I'm trying to understand a proof of a corollary to the Farkas lemma in some lecture notes. For completeness sake I'll first state the Farkas lemma and then the corollary + proof, as stated in these lecture notes.
(Farkas lemma) Given $A \in \mathbb{R}^{m\times n}$, $b \in \mathbb{R}^m$. Then $Ax = b$ has a nonnegative solution if and only if there is no vector $y$ satisfying $y^{T}A \geq 0$ and y^{T}b < 0.
(Corollary) The system $Ax \leq b$ has a solution if and only if there is no vector $y$ satisfying $y \geq 0$, $y^T A = 0$ and y^T b < 0.

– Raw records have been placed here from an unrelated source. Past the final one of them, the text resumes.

Lemma subset_force_step (B : {set V}) : B \subset force B.
Proof. exact: subsetUl. Qed.

Lemma subset_iter_force k (B : {set V}) : B \subset iter k force B.
Proof.
elim: k => [|k IHk] /=; first exact: subxx.
exact: subset_trans IHk (subset_force_step _).
Qed.

Lemma domination_number_le (D : {set V}) : dominating adj D -> domination_number adj <= #|D|.
Proof. exact: geq_bigmin_cond. Qed.

Lemma fort_other_nbr (F : {set V}) v w : fort adj F -> v \notin F ->
  w \in nbhd adj v :&: F -> exists2 w', w' \in nbhd adj v :&: F & w' != w.
Proof.
case/andP=> _ /forallP/(_ v)/implyP fortF vF wNF.
have /set0Pn[w' ] : nbhd adj v :&: F :\ w != set0.
  apply: contra (fortF vF) => /eqP NFw; apply/cards1P; exists w; apply/eqP.
  by rewrite eqEsubset sub1set wNF andbT -setD_eq0 NFw.
by rewrite !inE => /andP[w'w w'NF]; exists w'; rewrite // !inE.
Qed.

Lemma zf_closureK (B : {set V}) : force (zf_closure adj B) = zf_closure adj B.
Proof.
pose iterF k := iter k force B.
suff /'exists_eqP[k /= e] : [exists k : 'I_#|V|.+1, iterF k == iterF k.+1].
  by rewrite /zf_closure -(subnK (leq_ord k)) iterD iter_fix.
apply: contraT => /existsPn /(_ (Ordinal _)) /= neq_iter.
suff iter_big k : k <= #|V|.+1 -> k <= #|iterF k|.
  by have := iter_big _ (leqnn _); rewrite ltnNge max_card.
elim: k => [|k IHk] k_lt //=; apply: (leq_ltn_trans (IHk (ltnW k_lt))).
by rewrite proper_card // properEneq // subset_force_step neq_iter.
Qed.

(* A blue vertex outside a white fort never has a unique white neighbour in it. *)
Lemma force_step_disjoint (B F : {set V}) :
  fort adj F -> [disjoint B & F] -> [disjoint force B & F].
Proof.
case/andP=> _ /forallP fortF BF; rewrite -setI_eq0; apply/set0Pn=> -[w].
rewrite !inE => /andP[/orP[wB|/existsP[u /and3P[uB wB /eqP Nu]]] wF].
  by rewrite (disjointFr BF wB) in wF.
move: (fortF u); rewrite (disjointFr BF uB) /= => /negP; apply; apply/cards1P; exists w.
apply/eqP; rewrite eqEsubset sub1set !inE wF andbT -[nbhd _ _]setIT.
have : w \in nbhd adj u :\: B by rewrite Nu set11.
rewrite !inE => /andP[_ ->]; rewrite andbT -Nu.
by apply/subsetP=> y; rewrite !inE => /andP[/andP[yN _] yF]; rewrite yN (disjointFl BF yF).
Qed.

(Proof of corollary) Let $A'$ be the matrix $A' :=[A\quad -A\quad I]$, where $I$ is the identity matrix. Then $Ax \leq b$ has a solution $x$ iff the system $A'x' = b$ has a nonnegative solution $x'$. Applying the Farkas lemma to the latter system gives the corollary.

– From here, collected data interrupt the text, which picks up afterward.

(* Let $b\ge 2$ with $b\not\equiv 1\pmod 3$, and let $n\ge 2$. Then $$\mathrm{Ap}(T_{b'}(n),s'_0)=\Big\{\sum_{i=1}^{n+1} t_i s'_i : (t_1,\dots,t_{n+1})\in R_{b'}(n)\Big\}.$$
   Context: For integers $b\ge2$ with $b\not\equiv1\pmod3$, $n\ge0$, $i\ge0$ put $s'_i=(b+1)b^{n+i}+1$, and $T_{b'}(n)=\langle\{s'_i:i\in\mathbb{N}\}\rangle$ (submonoid of $(\mathbb{N},+)$ generated by them). For a numerical semigroup $S$ and $x\in S\setminus\{0\}$, $\mathrm{Ap}(S,x)=\{s\in S:s-x\notin S\}$. $R_{b'}(n)$ is the set of $(t_1,\dots,t_{n+1})\in\{0,1,\dots,b\}^{n+1}$ such that: (i) if $t_i=b$ then $t_j=0$ for all $1\le j<i$; (ii) $t_{n+1}\le b-1$; (iii) if $t_{n+1}=b-1$ then $t_n\le b-1$, and if $(t_n,t_{n+1})=(b-1,b-1)$ then $t_1\le 2$ and $t_i=0$ for all $i\notin\{1,n,n+1\}$. *)

From mathcomp Require Import all_boot.
Set Implicit Arguments. Unset Strict Implicit. Unset Printing Implicit Defensive.

Definition sgen (b n i : nat) : nat := (b + 1) * b ^ (n + i) + 1.

Definition inT (b n x : nat) : Prop :=
  exists (N : nat) (a : nat -> nat), x = \sum_(i < N) a i * sgen b n i.

(* Apery set membership: s in S and s - x notin S (integer subtraction). *)
Definition inApery (S : nat -> Prop) (x s : nat) : Prop :=
  S s /\ ~ (x <= s /\ S (s - x)).

(* R_{b'}(n): tuples (t_1,...,t_{n+1}) encoded by t : nat -> nat,
   only the values at indices 1..n+1 matter. *)
Definition inR (b n : nat) (t : nat -> nat) : Prop :=
  (forall i, 1 <= i <= n.+1 -> t i <= b) /\
  (forall i, 1 <= i <= n.+1 -> t i = b -> forall j, 1 <= j < i -> t j = 0) /\
  t n.+1 <= b - 1 /\
  (t n.+1 = b - 1 -> t n <= b - 1) /\
  (t n = b - 1 -> t n.+1 = b - 1 ->
     t 1 <= 2 /\ (forall i, 1 <= i <= n.+1 -> i != 1 -> i != n -> i != n.+1 -> t i = 0)).

(* Write s'_i = s'_0 + e * w_i with e = (b + 1) b^n (b - 1) and w_i = 1 + b + ... + b^(i-1)
   the base-b repunit, so that the elements of T_{b'}(n) are the numbers
   s'_0 * |u| + e * (sum of w_i, i in u) for finite multisets u of indices.  Since
   gcd(s'_0, e) = 1 and s'_0 <= e + 1, the Apery element in the residue class of e * N
   (N < s'_0) is s'_0 * m + e * N, where m is the least number of repunits summing to N.
   This minimum is attained by the skew base-b expansion of N (digits at most b, a digit b
   followed only by zeros), found by a carrying argument using w_(j+1) = b w_j + 1.  The
   tuples of R_{b'}(n) are skew expansions of numbers below s'_0, and every such number
   has one. *)

From mathcomp Require Import all_boot zify.
Set Implicit Arguments. Unset Strict Implicit. Unset Printing Implicit Defensive.

Fixpoint digits (t : nat -> nat) k : seq nat :=
  if k is k'.+1 then digits t k' ++ nseq (t k) k else [::].

Lemma digitsS t k : digits t k.+1 = digits t k ++ nseq (t k.+1) k.+1.
Proof. by []. Qed.

Lemma digits_pred t k : 0 < k -> digits t k = digits t k.-1 ++ nseq (t k) k.
Proof. by case: k. Qed.

Lemma eq_digits t t' k : (forall i, 1 <= i <= k -> t i = t' i) -> digits t k = digits t' k.
Proof.
elim: k => [|k IH] //= tt'; rewrite tt' ?leqnn // IH // => i /andP[i_gt0 i_le].
by apply: tt'; rewrite i_gt0 ltnW.
Qed.

Lemma digits_eq0 t k : (forall i, 1 <= i <= k -> t i = 0) -> digits t k = [::].
Proof. by move=> t0; rewrite (@eq_digits _ (fun=> 0)) //; elim: k {t0} => //= k ->. Qed.

Lemma all_digits_gt0 t k : all (leq 1) (digits t k).
Proof. by elim: k => //= k IH; rewrite all_cat IH all_nseq orbT. Qed.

Here, I parse $[A\quad -A\quad I]$ as being the matrix created by appending $A$, $-A$ and $I$. What I don't understand is how I should calculate $A'x'$ and of what dimension $x'$ should be. It seems to me that $A'$ has dimensions $m \times 3n$ so that $x'$ has dimensions $3n \times 1$, but this isn't right since $b$ is of dimension $m \times 1$. I'm guessing I'm missing something really obvious but alas I can't see it.